In the listing that follows, count the lines that include "Strict", and answer with the total alone.

___ GIVEN ENTRIES

(* Let $G$ be a finite simple connected graph and let $S\subseteq V(G)$ with $|S|=k\geq 2$. Then $\kappa_k^*(G)\leq \kappa_k^*(G[S])+(|V(G)|-k)$.
   Context: $G[S]$ is the subgraph of $G$ induced by $S$. For $S\subseteq V(H)$ with $|S|\ge 2$, an $S$-Steiner tree of a graph $H$ is a subtree $T$ of $H$ with $S\subseteq V(T)$ all of whose leaves belong to $S$. A family of $S$-Steiner trees $T_1,\dots,T_k$ is completely independent if for all $1\le p<q\le k$: $E(T_p)\cap E(T_q)=\emptyset$, $V(T_p)\cap V(T_q)=S$, and for any two vertices $x_1,x_2\in S$ the $(x_1,x_2)$-paths in $T_p$ and in $T_q$ are internally disjoint. $\kappa^*_H(S)$ is the maximum number of trees in a completely independent family of $S$-Steiner trees in $H$, and $\kappa_k^*(H)=\min\{\kappa^*_H(S): S\subseteq V(H),\ |S|=k\}$. *)

From mathcomp Require Import all_boot.
From Stdlib Require Import ClassicalDescription.
Set Implicit Arguments. Unset Strict Implicit. Unset Printing Implicit Defensive.

(* A graph H is given by a vertex set V : {set T} over a finite type T and an
   adjacency relation e : rel T (symmetric, irreflexive); only edges between
   vertices of V count.  The induced subgraph G[S] of G = (setT, e) is (S, e). *)

Definition pbool (P : Prop) : bool :=
  if excluded_middle_informative P then true else false.

Section Steiner.
Variable T : finType.

(* A candidate subgraph: a vertex set and a set of edges (2-element sets). *)
Definition sgraph := ({set T} * {set {set T}})%type.

Definition tadj (Tr : sgraph) (x y : T) : bool := [set x; y] \in Tr.2.

Definition is_subgraph (V : {set T}) (e : rel T) (Tr : sgraph) : Prop :=
  Tr.1 \subset V /\
  forall E, E \in Tr.2 ->
    exists x y, [/\ E = [set x; y], x != y, x \in Tr.1, y \in Tr.1 & e x y].

Definition tpath (Tr : sgraph) (x y : T) (p : seq T) : Prop :=
  [/\ uniq (x :: p), path (tadj Tr) x p & last x p = y].

Definition tconnected (Tr : sgraph) : Prop :=
  forall x y, x \in Tr.1 -> y \in Tr.1 -> exists p, tpath Tr x y p.

Definition tacyclic (Tr : sgraph) : Prop :=
  ~ exists x p, [/\ uniq (x :: p), 2 <= size p, path (tadj Tr) x p
                  & tadj Tr (last x p) x].

Definition is_tree (Tr : sgraph) : Prop :=
  Tr.1 != set0 /\ tconnected Tr /\ tacyclic Tr.

Definition is_leaf (Tr : sgraph) (x : T) : bool :=
  (x \in Tr.1) && (#|[set y | tadj Tr x y]| == 1).

Definition steiner_tree (V : {set T}) (e : rel T) (S : {set T}) (Tr : sgraph)
  : Prop :=
  is_subgraph V e Tr /\ is_tree Tr /\ S \subset Tr.1 /\
  (forall x, is_leaf Tr x -> x \in S).

Definition internal (x y : T) (p : seq T) (z : T) : bool := (z \in p) && (z != y).

Definition compl_indep (S : {set T}) (T1 T2 : sgraph) : Prop :=
  [disjoint T1.2 & T2.2] /\ T1.1 :&: T2.1 = S /\
  forall x1 x2, x1 \in S -> x2 \in S ->
    forall p q, tpath T1 x1 x2 p -> tpath T2 x1 x2 q ->
      forall z, internal x1 x2 p z -> ~~ internal x1 x2 q z.

Definition has_ci_family (V : {set T}) (e : rel T) (S : {set T}) (n : nat)
  : Prop :=
  exists F : 'I_n -> sgraph,
    (forall i, steiner_tree V e S (F i)) /\
    (forall i j, i != j -> compl_indep S (F i) (F j)).

(* kappa*_H(S): the maximum such n.  For #|S| >= 2 every tree has an edge and
   the trees are edge-disjoint, so n <= #|T|^2 and the bound is harmless. *)
Definition kappaS (V : {set T}) (e : rel T) (S : {set T}) : nat :=
  \max_(n < (#|T| ^ 2).+1 | pbool (has_ci_family V e S n)) n.

Definition kappa_k (V : {set T}) (e : rel T) (k : nat) : nat :=
  \big[minn/(#|T| ^ 2).+1]_(S : {set T} | (S \subset V) && (#|S| == k))
     kappaS V e S.

End Steiner.

(* A tree of a completely independent family for S in G that is not contained in
   S owns a vertex outside S, and distinct trees meet exactly in S, so at most
   |V(G)| - |S| trees leave S.  The remaining trees are S-Steiner trees of G[S]
   and still completely independent. *)

From HB Require Import structures.
From mathcomp Require Import all_boot.
From Stdlib Require Import ClassicalDescription.

Set Implicit Arguments.
Unset Strict Implicit.
Unset Printing Implicit Defensive.

HB.instance Definition _ := SemiGroup.isComLaw.Build nat minn minnA minnC.

Lemma pboolP (P : Prop) : reflect P (pbool P).
Proof. by rewrite /pbool; case: excluded_middle_informative => h; constructor. Qed.

Section InducedFamily.
Variable T : finType.
Implicit Types (V W S : {set T}) (e : rel T).

Lemma steiner_tree_sub V W e S (Tr : sgraph T) :
  steiner_tree V e S Tr -> Tr.1 \subset W -> steiner_tree W e S Tr.
Proof. by move=> [[_ Tr_e] Tr_tree] Tr_W; split. Qed.

Lemma has_ci_family_sub V W e S n (F : 'I_n -> sgraph T) :
    (forall i, steiner_tree V e S (F i)) ->
    (forall i j, i != j -> compl_indep S (F i) (F j)) ->
  has_ci_family W e S #|[set i | (F i).1 \subset W]|.
Proof.
move=> F_tree F_indep; exists (fun j => F (enum_val j)); split.
- move=> j; apply: steiner_tree_sub (F_tree _) _.
  by have := enum_valP j; rewrite inE.
- by move=> j j' ne_jj'; apply: F_indep; rewrite (inj_eq enum_val_inj).
Qed.

Lemma card_not_subset_overlap (I : finType) V S (F : I -> {set T}) :
    (forall i, F i \subset V) ->
    (forall i j, i != j -> F i :&: F j \subset S) ->
  #|[set i | ~~ (F i \subset S)]| <= #|V :\: S|.
Proof.
move=> F_V F_overlap; set out := [set i | _].
have [V_S | [x0 _]] := set_0Vmem (V :\: S).
  suff -> : out = set0 by rewrite cards0.
  apply/setP => i; rewrite !inE; apply/negbTE; rewrite negbK.
  by apply: subset_trans (F_V i) _; rewrite -setD_eq0 V_S.
pose f i := odflt x0 [pick x in F i :\: S].
have f_out i : i \in out -> f i \in F i :\: S.
  rewrite inE => /subsetPn [x x_Fi x_S]; rewrite /f.
  case: pickP => [y|no_pick] //=.
  by have := no_pick x; rewrite !inE x_S x_Fi.
have f_inj : {in out &, injective f}.
  move=> i j i_out j_out fij; apply: contraTeq isT => ne_ij.
  have := subsetP (F_overlap i j ne_ij) (f i).
  have := f_out i i_out; have := f_out j j_out.
  by rewrite -fij !inE => /andP[_ ->] /andP[/negbTE -> ->] /(_ isT).
rewrite -(card_in_imset f_inj); apply/subset_leq_card/subsetP => _ /imsetP[i i_out ->].
by have := f_out i i_out; rewrite !inE => /andP[-> /(subsetP (F_V i))->].
Qed.

Lemma has_ci_family_induced V e S n :
    has_ci_family V e S n ->
  exists m, [/\ m <= n, has_ci_family S e S m & n <= m + #|V :\: S|].
Proof.
move=> [F [F_tree F_indep]]; set inS := [set i | (F i).1 \subset S].
exists #|inS|; split.
- by rewrite -[n in _ <= n]card_ord max_card.
- exact: has_ci_family_sub F_tree F_indep.
- rewrite -[n in n <= _]card_ord -(cardsC inS) leq_add2l.
  have -> : ~: inS = [set i | ~~ ((F i).1 \subset S)].
    by apply/setP => i; rewrite !inE.
  apply: card_not_subset_overlap => [i | i j ne_ij].
    by have [[]] := F_tree i.
  by have [_ [-> _]] := F_indep i j ne_ij.
Qed.

End InducedFamily.

Section KappaBounds.
Variable T : finType.
Implicit Types (V S : {set T}) (e : rel T).

Lemma kappaS_max V e S : kappaS V e S <= #|T| ^ 2.
Proof. by apply/bigmax_leqP => i _; rewrite -ltnS. Qed.

Lemma leq_kappaS V e S n :
  n <= #|T| ^ 2 -> has_ci_family V e S n -> n <= kappaS V e S.
Proof.
rewrite -ltnS => lt_n fam_n.
by apply: (leq_bigmax_cond (Ordinal lt_n)); apply/pboolP.
Qed.

Lemma kappa_k_leq_kappaS V e S : S \subset V -> kappa_k V e #|S| <= kappaS V e S.
Proof. by move=> sSV; rewrite /kappa_k (bigD1 S) ?sSV ?eqxx //= geq_minl. Qed.

Lemma kappa_k_self e S : kappa_k S e #|S| = kappaS S e S.
Proof.
rewrite /kappa_k (big_pred1_id _ _ (i := S)) => [|S']; last first.
  rewrite /=; apply/andP/eqP => [[sSS' /eqP eq_card] | ->]; last by rewrite subxx.
  by apply/eqP; rewrite eqEcard sSS' eq_card leqnn.
by apply/minn_idPl; rewrite ltnW // ltnS kappaS_max.
Qed.

Lemma kappaS_leq_induced V e S :
  kappaS V e S <= kappaS S e S + #|V :\: S|.
Proof.
apply/bigmax_leqP => n /pboolP fam_n.
have [m [le_mn fam_m le_n]] := has_ci_family_induced fam_n.
apply: leq_trans le_n _; rewrite leq_add2r leq_kappaS //.
by apply: leq_trans le_mn _; rewrite -ltnS.
Qed.

End KappaBounds.

Theorem theorem2p4 (T : finType) (e : rel T)
  (e_sym : symmetric e) (e_irr : irreflexive e)
  (G_conn : forall x y : T, connect e x y)
  (S : {set T}) (hS : 2 <= #|S|) :
  kappa_k [set: T] e #|S| <= kappa_k S e #|S| + (#|T| - #|S|).
Proof.
rewrite kappa_k_self -cardsT -(cardsDS (subsetT S)).
exact: leq_trans (kappa_k_leq_kappaS e (subsetT S)) (kappaS_leq_induced _ _ _).
Qed.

______

▶ SOLUTION TO THIS EXERCISE:
2